Niños del Mundo Alive and Well at Chicano Park

Historic Restoration Project’s Second Phase Now In Progress

Photo and text: David Avalos

Chicano Park muralist Octavio Gonzalez admires Niños del Mundo, brought back to life by Norma Montoya during the Chicano Park Mural Restoration Project’s First Phase. Looming in the background Leyes (La Familia), painted by José Montoya (no relation) and the Royal Chicano Air Force in 1975, is one of five murals to be repainted during the Second Phase from September to November.

    On July and August weekends this summer Norma Montoya traveled from Los Angeles to San Diego’s Chicano Park painstakingly repainting Niños del Mundo. The hardworking artist first came south in 1975 with Charles “Gato” Félix, invited by local muralists to paint Niños on the Coronado Bridge’s concrete pillars.

    Montoya had been a commercial window painter recruited by Felíx to teach her skills to aspiring young women artists at Estrada Courts, a low-income housing project in LA’s Boyle Heights. In 1973 murals first appeared at both Chicano Park and Estrada Courts. Aware of each other’s barrio reputations artists found a way to connect. Montoya, who had painted Innocence (1973) and Sleeping Woman’s Dream (1974) at the projects, arrived in San Diego as an established Chicana organizer and muralist.

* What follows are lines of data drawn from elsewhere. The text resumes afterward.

Hypothesis adj_sym : symmetric adj.

Lemma gdist_pred x y m :
  gdist adj x y = m.+1 -> exists2 z, adj y z & gdist adj x z = m.
Proof.
move=> xy; have /withinP [p xp /andP [/eqP py sp]] := within_gdist x y.
case/lastP: p xp py sp => [_ /= yx|p z]; first by move: xy; rewrite yx gdist_self.
rewrite rcons_path last_rcons size_rcons => /andP [xp pz] zy; subst z.
rewrite xy ltnS => sp; exists (last x p); first by rewrite adj_sym.
have pm : gdist adj x (last x p) <= m.
  by apply: gdist_le; apply/withinP; exists p; rewrite ?eqxx.
by have := gdist_adj x pz; rewrite xy; lia.
Qed.

Lemma gdist_between x w m : m <= gdist adj x w -> exists y, gdist adj x y = m.
Proof.
move En : (gdist adj x w) => n; elim: n w En => [|n IHn] w xw.
  by rewrite leqn0 => /eqP ->; exists w.
rewrite leq_eqVlt ltnS => /orP [/eqP ->|mn]; first by exists w.
by have [z _ /IHn] := gdist_pred xw; apply.
Qed.

End Walks.

Definition feasible_array (D : nat) (a b c : nat -> nat) : Prop :=
  [/\ c 0 = 0, a 0 = 0 &
      forall j, 0 < j < D -> [/\ 0 < c j, 0 < b j & c j + a j + b j = b 0]].

Section DistanceRegular.
Variables (T : finType) (adj : rel T) (D : nat) (a b c : nat -> nat).
Hypothesis adj_drg : distance_regular adj D a b c.

Let adj_sym : symmetric adj. Proof. by case: adj_drg. Qed.
Let adj_irr : irreflexive adj. Proof. by case: adj_drg. Qed.
Let adj_connected : connected_graph adj. Proof. by case: adj_drg. Qed.

Lemma drg_valency x y :
  #|[set z | adj y z]| = c (gdist adj x y) + a (gdist adj x y) + b (gdist adj x y).
Proof.
case: adj_drg => _ _ _ _ /(_ x y) /=; set i := gdist adj x y => -[<- <- <-].
have near z : adj y z -> i <= (gdist adj x z).+1 /\ gdist adj x z <= i.+1.
  by move=> yz; split; apply: gdist_adj; rewrite // adj_sym.
rewrite -(cardsID [set z | (gdist adj x z).+1 == i]).
rewrite -(cardsID [set z | gdist adj x z == i] (_ :\: _)) -addnA.
congr (_ + (_ + _)); apply: eq_card => z; rewrite !inE //;
  case yz: (adj y z); rewrite ?andbF ?andbT //=;
  have [] := near z yz; move: (gdist adj x z) => d; lia.
Qed.

Lemma drg_c0 (x : T) : c 0 = 0.
Proof.
case: adj_drg => _ _ _ _ /(_ x x); rewrite gdist_self => -[<- _ _].
by apply: eq_card0 => z; rewrite !inE andbF.
Qed.

Lemma drg_a0 (x : T) : a 0 = 0.
Proof.
case: adj_drg => _ _ _ _ /(_ x x); rewrite gdist_self => -[_ <- _].
apply: eq_card0 => z; rewrite !inE gdist_eq0 //.
by case: eqP => [<-|]; rewrite ?adj_irr ?andbF.
Qed.

Lemma drg_step_pos x y m : gdist adj x y = m.+1 -> 0 < c m.+1 /\ 0 < b m.
Proof.
move=> xy; have [z yz xz] := gdist_pred adj_connected adj_sym xy.
case: adj_drg => _ _ _ _ drg_numbers; split.
  have /= := drg_numbers x y; rewrite xy => -[<- _ _].
  by apply/card_gt0P; exists z; rewrite !inE yz xz eqxx.
have /= := drg_numbers x z; rewrite xz => -[_ _ <-].
by apply/card_gt0P; exists y; rewrite !inE adj_sym yz xy eqxx.
Qed.

Lemma drg_feasible : 0 < D -> feasible_array D a b c.
Proof.
move=> D_gt0; have [x [w xw]] : exists x w, gdist adj x w = D.
  by case: adj_drg => _ _ _ diamD _; rewrite -diamD; apply: diameter_witness; rewrite diamD.
split; [exact: drg_c0 x | exact: drg_a0 x |] => j /andP [j_gt0 jD].
have [y xy] : exists y, gdist adj x y = j.
  by apply: (gdist_between adj_connected adj_sym (w := w)); rewrite xw ltnW.
have [y' xy'] : exists y, gdist adj x y = j.+1.
  by apply: (gdist_between adj_connected adj_sym (w := w)); rewrite xw.
split; first by move: xy; rewrite -(prednK j_gt0) => /drg_step_pos [].
  by have [] := drg_step_pos xy'.
by rewrite -xy -drg_valency (drg_valency y) gdist_self (drg_c0 x) (drg_a0 x).
Qed.

End DistanceRegular.

Local Open Scope ring_scope.

Lemma plateau_product_identity (F : comPzRingType) (c d s r x y u v : F) :
  c * x + d * u = (c + d) * s * u ->
  c * y + d * v = (c + d) * r * v ->
  c * (x * y) + d * (u * v) = (c + d) * (s * r) * (u * v) ->
  (c + d) * d * (s - 1) * (r - 1) * (u * v) = 0.
Proof.
(* Expand c^2 x y once as (c x) (c y) and once as c (c x y). *)
move=> eq_x eq_y eq_xy.
have -> : (c + d) * d * (s - 1) * (r - 1) * (u * v) =
  c * (c * (x * y) + d * (u * v) - (c + d) * (s * r) * (u * v))
  - (c * x + d * u - (c + d) * s * u) * (c * y + d * v - (c + d) * r * v)
  - (c * x + d * u - (c + d) * s * u) * ((c + d) * r - d) * v
  - (c * y + d * v - (c + d) * r * v) * ((c + d) * s - d) * u by ring.
by rewrite eq_x eq_y eq_xy !subrr; ring.
Qed.

Section PseudoCosine.
Variables (R : realType) (D : nat) (a b c : nat -> nat).

Lemma eq_is_pseudo_cosine (s t : nat -> R) :
  s =1 t -> is_pseudo_cosine D a b c s -> is_pseudo_cosine D a b c t.
Proof.
move=> st [theta [s0 rec]]; exists theta; split=> [|i iD]; rewrite -!st //.
exact: rec.
Qed.

Lemma tight_pairC (s r : nat -> R) :
  tight_pair D a b c s r -> tight_pair D a b c r s.
Proof.
case=> ps pr psr; split=> //.
by apply: eq_is_pseudo_cosine psr => i; rewrite mulrC.
Qed.

Lemma auxiliary_parameterC (s r : nat -> R) eps :
  auxiliary_parameter D s r eps -> auxiliary_parameter D r s (- eps).
Proof.
move=> aux i iD; rewrite [r i * _]mulrC [r i.-1 * s i.-1]mulrC aux //; ring.
Qed.

Hypothesis feas : feasible_array D a b c.

Let k : R := (b 0)%:R.

Let feasibleR j : (0 < j < D)%N ->
  [/\ 0 < (c j)%:R :> R, 0 <= (a j)%:R :> R, 0 < (b j)%:R :> R
    & (c j)%:R + (a j)%:R + (b j)%:R = k].
Proof.
case: feas => _ _ /[apply] -[cj bj kj].
by rewrite !ltr0n ler0n cj bj /k -kj !natrD.
Qed.
(** * Estimates of the Bloch-type norm *)

Lemma Bnorm_le_of_bound (alpha : R) (f : C -> C) (M : R) :
  (forall z l, inD z -> @is_derive C_AbsRing C_NormedModule f z l ->
     Rpower (1 - Cmod z ^ 2) alpha * Cmod l <= M) ->
  Rbar_le (Bnorm alpha f) (Finite (Cmod (f (RtoC 0)) + M)).
Proof.
  intros HM; unfold Bnorm.
  match goal with |- context [Lub_Rbar ?E] =>
    assert (Hlub : Rbar_le (Lub_Rbar E) (Finite M))
      by (apply Lub_Rbar_correct; intros r (z & Hz & l & Hl & ->); now apply HM);
    destruct (Lub_Rbar E) end; simpl in *; lra.
Qed.

Lemma Bnorm_ge_of_derive (alpha : R) (f : C -> C) (z l : C) :
  inD z -> @is_derive C_AbsRing C_NormedModule f z l ->
  Rbar_le (Finite (Rpower (1 - Cmod z ^ 2) alpha * Cmod l)) (Bnorm alpha f).
Proof.
  intros Hz Hl; unfold Bnorm.
  pose proof (Cmod_ge_0 (f (RtoC 0))).
  match goal with |- context [Lub_Rbar ?E] =>
    assert (Hlub : Rbar_le (Finite (Rpower (1 - Cmod z ^ 2) alpha * Cmod l)) (Lub_Rbar E))
      by (apply Lub_Rbar_correct; exists z; split; [exact Hz|now exists l]);
    destruct (Lub_Rbar E) end; simpl in *; lra.
Qed.

Definition fw_upper_const (alpha : R) (i : nat) : R :=
  1 + (INR i + alpha) * (Rpower 2 alpha * 2 ^ (i + 1)).

Lemma fw_upper_const_pos (alpha : R) (i : nat) : 0 < alpha -> 0 < fw_upper_const alpha i.
Proof.
  intros Ha; unfold fw_upper_const; apply Rplus_lt_le_0_compat; [lra|].
  apply Rmult_le_pos; [pose proof (pos_INR i); lra|].
  apply Rmult_le_pos; [left; apply exp_pos|apply pow_le; lra].
Qed.

Lemma Bnorm_fw_le (alpha : R) (i : nat) (w : C) : 0 < alpha -> inD w ->
  Rbar_le (Bnorm alpha (fw alpha i w))
    (Finite (fw_upper_const alpha i / (1 - Cmod w ^ 2) ^ (i + 1))).
Proof.
  intros Ha Hw; unfold fw_upper_const.
  pose proof (Cmod_ge_0 w) as Hw0; unfold inD in Hw.
  assert (Hv : 0 < (1 - Cmod w ^ 2) ^ (i + 1)) by (apply pow_lt; nra).
  assert (Hv1 : (1 - Cmod w ^ 2) ^ (i + 1) <= 1) by (apply pow_le_one; split; nra).
  eapply Rbar_le_trans.
  - apply (Bnorm_le_of_bound _ _
             ((INR i + alpha) * (Rpower 2 alpha * 2 ^ (i + 1) / (1 - Cmod w ^ 2) ^ (i + 1)))).
    intros z l Hz Hl; rewrite (weighted_Cmod_derive_fw alpha i w z l Hw Hz Hl), Rmult_comm.
    pose proof (Cmod_ge_0 z); unfold inD in Hz.
    apply Rmult_le_compat; [apply Cmod_ge_0| |now apply Cmod_fw_deriv_factor_le|].
    + apply Rmult_le_pos; [left; apply exp_pos|].
      apply Rdiv_le_0_compat; [left; apply exp_pos|].
      pose proof (Cmod_kernel_base_ge w z); nra.
    + apply kernel_weight_le; try split; try lra; apply Cmod_kernel_base_ge.
  - cbn [Rbar_le]; pose proof (Cmod_fw_at_0_le alpha i w).
    set (v := (1 - Cmod w ^ 2) ^ (i + 1)) in *.
    assert (1 <= / v) by (rewrite <- Rinv_1 at 1; apply Rinv_le_contravar; lra).
    apply Rle_trans with (/ v + (INR i + alpha) * (Rpower 2 alpha * 2 ^ (i + 1) / v));
      [lra|right; field; lra].
Qed.

Lemma Bnorm_fw_ge (alpha : R) (i : nat) (w z : C) :
  0 < alpha -> inD w -> Cmod z = (1 + Cmod w) / 2 ->
  (Cconj w * z)%C = RtoC (Cmod w * ((1 + Cmod w) / 2)) ->
  Rbar_le (Finite (Rpower (/ 4) alpha / (1 - Cmod w ^ 2) ^ (i + 1)
                   * Cmod (fw_deriv_factor alpha i w z)))
          (Bnorm alpha (fw alpha i w)).
Proof.
  intros Ha Hw Hz Hwz.
  pose proof (Cmod_ge_0 w); unfold inD in Hw.
  assert (HzD : inD z) by (unfold inD; lra).
  assert (HU : Cmod (kernel_base w z) = 1 - Cmod w * ((1 + Cmod w) / 2)).
  { unfold kernel_base; rewrite Hwz, <- RtoC_minus, Cmod_R; apply Rabs_pos_eq; nra. }
  pose proof (is_derive_fw alpha i w z Hw HzD) as Hl.
  eapply Rbar_le_trans; [|apply (Bnorm_ge_of_derive alpha _ z _ HzD Hl)].
  cbn [Rbar_le]; rewrite (weighted_Cmod_derive_fw alpha i w z _ Hw HzD Hl).
  apply Rmult_le_compat_r; [apply Cmod_ge_0|].
  rewrite Hz, HU; apply kernel_weight_ge; lra.
Qed.

Lemma Bnorm_fw_S_ge (alpha : R) (k : nat) (w : C) : 0 < alpha -> inD w ->
  Rbar_le (Finite (Rpower (/ 4) alpha * (/ 2) ^ k / (1 - Cmod w ^ 2) ^ (S k + 1)))
          (Bnorm alpha (fw alpha (S k) w)).
Proof.
  intros Ha Hw.
  pose proof (Cmod_ge_0 w) as Hw0; pose proof Hw as HwD; unfold inD in Hw.
  set (r := (1 + Cmod w) / 2).
  destruct (exists_Cmod_conj_mul_real w r) as (z & Hz & Hwz); [unfold r; lra|].
  eapply Rbar_le_trans; [|apply (Bnorm_fw_ge alpha (S k) w z Ha HwD Hz Hwz)].
  cbn [Rbar_le].
  rewrite fw_deriv_factor_S, Hwz, <- RtoC_mult, <- RtoC_plus, Cmod_mult, Cmod_cpown, Hz, Cmod_R.
  assert (Hv : 0 < (1 - Cmod w ^ 2) ^ (S k + 1)) by (apply pow_lt; nra).
  assert ((/ 2) ^ k <= r ^ k) by (apply pow_incr; unfold r; lra).
  assert (1 <= Rabs (INR (S k) + alpha * (Cmod w * r))).
  { rewrite S_INR; pose proof (pos_INR k).
    rewrite Rabs_pos_eq; unfold r in *; nra. }
  assert (0 < Rpower (/ 4) alpha / (1 - Cmod w ^ 2) ^ (S k + 1))
    by (apply Rdiv_lt_0_compat; [apply exp_pos|exact Hv]).
  assert (0 <= (/ 2) ^ k) by (apply pow_le; lra).
  unfold Rdiv; rewrite Rmult_assoc, (Rmult_comm ((/ 2) ^ k)), <- Rmult_assoc.
  apply Rmult_le_compat_l; [lra|].
  rewrite <- (Rmult_1_r ((/ 2) ^ k)); apply Rmult_le_compat; lra.
Qed.

Lemma Bnorm_fw_O_ge (alpha : R) (w : C) : 0 < alpha -> inD w -> 1 / 2 < Cmod w ->
  Rbar_le (Finite (Rpower (/ 4) alpha * (alpha / 2) / (1 - Cmod w ^ 2)))
          (Bnorm alpha (fw alpha 0 w)).
Proof.
  intros Ha Hw Hbig.
  pose proof Hw as HwD; unfold inD in Hw.
  destruct (exists_Cmod_conj_mul_real w ((1 + Cmod w) / 2)) as (z & Hz & Hwz); [lra|].
  eapply Rbar_le_trans; [|apply (Bnorm_fw_ge alpha 0 w z Ha HwD Hz Hwz)].
  cbn [Rbar_le].
  replace (fw_deriv_factor alpha 0 w z) with (RtoC alpha * Cconj w)%C
    by (unfold fw_deriv_factor; cbn [pred cpown INR]; ring).
  rewrite Cmod_mult, Cmod_conj, Cmod_R, Rabs_pos_eq, Nat.add_0_l, pow_1 by lra.
  assert (Hv : 0 < 1 - Cmod w ^ 2) by nra.
  apply Rle_trans with (Rpower (/ 4) alpha / (1 - Cmod w ^ 2) * (alpha / 2));
    [right; field; lra|apply Rmult_le_compat_l; [|nra]].
  left; apply Rdiv_lt_0_compat; [apply exp_pos|exact Hv].
Qed.

Theorem lemma2p4 (alpha : R) (Halpha : 0 < alpha) :
  (forall i : nat, (1 <= i)%nat ->
    exists C1 C2 : R, 0 < C1 /\ 0 < C2 /\
      forall w : C, inD w ->
        analytic_on_D (fw alpha i w) /\
        Rbar_le (Finite (C1 / (1 - Cmod w ^ 2) ^ (i + 1))) (Bnorm alpha (fw alpha i w)) /\
        Rbar_le (Bnorm alpha (fw alpha i w)) (Finite (C2 / (1 - Cmod w ^ 2) ^ (i + 1))))
  /\
  (exists C1 C2 : R, 0 < C1 /\ 0 < C2 /\
      forall w : C, inD w -> 1 / 2 < Cmod w ->
        analytic_on_D (fw alpha 0 w) /\
        Rbar_le (Finite (C1 / (1 - Cmod w ^ 2))) (Bnorm alpha (fw alpha 0 w)) /\
        Rbar_le (Bnorm alpha (fw alpha 0 w)) (Finite (C2 / (1 - Cmod w ^ 2)))).
Proof.
  split.
  - intros [|k] Hk; [inversion Hk|].
    exists (Rpower (/ 4) alpha * (/ 2) ^ k), (fw_upper_const alpha (S k)).
    split; [apply Rmult_lt_0_compat; [apply exp_pos|apply pow_lt; lra]|].
    split; [now apply fw_upper_const_pos|].
    intros w Hw; split; [|split].
    + now apply analytic_on_D_fw.
    + now apply Bnorm_fw_S_ge.
    + now apply Bnorm_fw_le.
  - exists (Rpower (/ 4) alpha * (alpha / 2)), (fw_upper_const alpha 0).
    split; [apply Rmult_lt_0_compat; [apply exp_pos|lra]|].
    split; [now apply fw_upper_const_pos|].
    intros w Hw Hbig; split; [|split].
    + now apply analytic_on_D_fw.
    + now apply Bnorm_fw_O_ge.
    + pose proof (Bnorm_fw_le alpha 0 w Halpha Hw) as H.
      now rewrite Nat.add_0_l, pow_1 in H.
Qed.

    She and Felíx responded to the geometry of the pillars with a three-dimensional image directing children to break repressive chains and pursue happiness by means of books and artists’ brushes, to expand consciousness through reason and imagination, and to behold the terrors and fasciations found beneath twinned Quetzalcoatl’s watchful eyes.

    Traveling back through time Montoya hopes that Felíx, now deceased, is satisfied with her efforts to be faithful to their original vision. She made changes necessitated by her lifetime of acquired technical knowledge, as well as a developed consciousness that prompted her, as one example, to add braids or “trencitas” to one of the figures in the mural so that girls would feel included.

    UCSD Professor Gail Pérez, collecting oral histories of Park muralists, recorded Montoya’s account of an interaction while working here. When one niño del barrio asked her if the UFW eagle was a gang sign, she said, “let me tell you a story about a man named César Chávez.” She stopped painting and went on to describe the farm workers’ movement to the young boy. Norma Montoya returns to LAs leaving all of us with wonderful gifts including a revitalized mural pointing to a bright future for a new generation.